§ **Exercise prompt**: Every line in the records below between the one holding "(Fd : F -> Prop)" and the one holding "destruct (Hbody x A HA) as [y0 Hy0].", inclusive, is to be set down exactly; all other lines are to be left out.

Saved entries:
= = =

Theorem mainTheorem2 (F : Type) (neg : F -> F) (t f u : F)
    (Fd : F -> Prop) (R : F -> (F -> Prop) -> Prop)
    (Hframe : is_justification_frame neg t f u Fd R)
    (x : F) (Hx : Fd x) (B : fseq F -> Prop) (HB : branch_selection Fd R x B)
    (A : F -> Prop) (HA : R x A) :
  exists ystar, A ystar /\
    forall (J : labeled_graph F) (r : node J), in_frakJ Fd R ystar J r ->
      exists b, is_J_branch J r b /\ B (fcons x b).
Proof.
  destruct Hframe as [_ [_ [_ [_ [_ [_ [_ Hbody]]]]]]].
  destruct (Hbody x A HA) as [y0 Hy0].
  apply NNPP; intro Hnone.
  assert (Hcounter : forall i : {y | A y}, exists s : {J : labeled_graph F & node J},
             in_frakJ Fd R (proj1_sig i) (projT1 s) (projT2 s) /\
             forall b, is_J_branch (projT1 s) (projT2 s) b -> ~ B (fcons x b)).
  { intros [y Hy]; apply NNPP; intro Hs; apply Hnone; exists y; split; [exact Hy |].
    intros J r HJ; apply NNPP; intro Hb; apply Hs; exists (existT _ J r).
    split; [exact HJ |]; intros b Hjb HBb; apply Hb; eauto. }
  pose (s := fun i => proj1_sig (constructive_indefinite_description _ (Hcounter i))).
  assert (Hs := fun i => proj2_sig (constructive_indefinite_description _ (Hcounter i))).
  assert (Hgraft : in_frakJ Fd R x (graft (fun i => projT1 (s i)) (fun i => projT2 (s i)) x)
                     None).
  { apply (@graft_in_frakJ F {y | A y} _ _ x Fd R (@proj1_sig F A) (exist _ y0 Hy0) Hx).
    - rewrite image_proj1_sig; exact HA.
    - intro i; apply (Hs i). }
  destruct (proj2 HB _ _ Hgraft) as [b [Hb HBb]].
  destruct (graft_J_branch_inv (exist _ y0 Hy0) Hb) as [j [b' [Hb' ->]]].
  exact (proj2 (Hs j) b' Hb' HBb).
Qed.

= = =

§ **Reply**:
    (Fd : F -> Prop) (R : F -> (F -> Prop) -> Prop)
    (Hframe : is_justification_frame neg t f u Fd R)
    (x : F) (Hx : Fd x) (B : fseq F -> Prop) (HB : branch_selection Fd R x B)
    (A : F -> Prop) (HA : R x A) :
  exists ystar, A ystar /\
    forall (J : labeled_graph F) (r : node J), in_frakJ Fd R ystar J r ->
      exists b, is_J_branch J r b /\ B (fcons x b).
Proof.
  destruct Hframe as [_ [_ [_ [_ [_ [_ [_ Hbody]]]]]]].
  destruct (Hbody x A HA) as [y0 Hy0].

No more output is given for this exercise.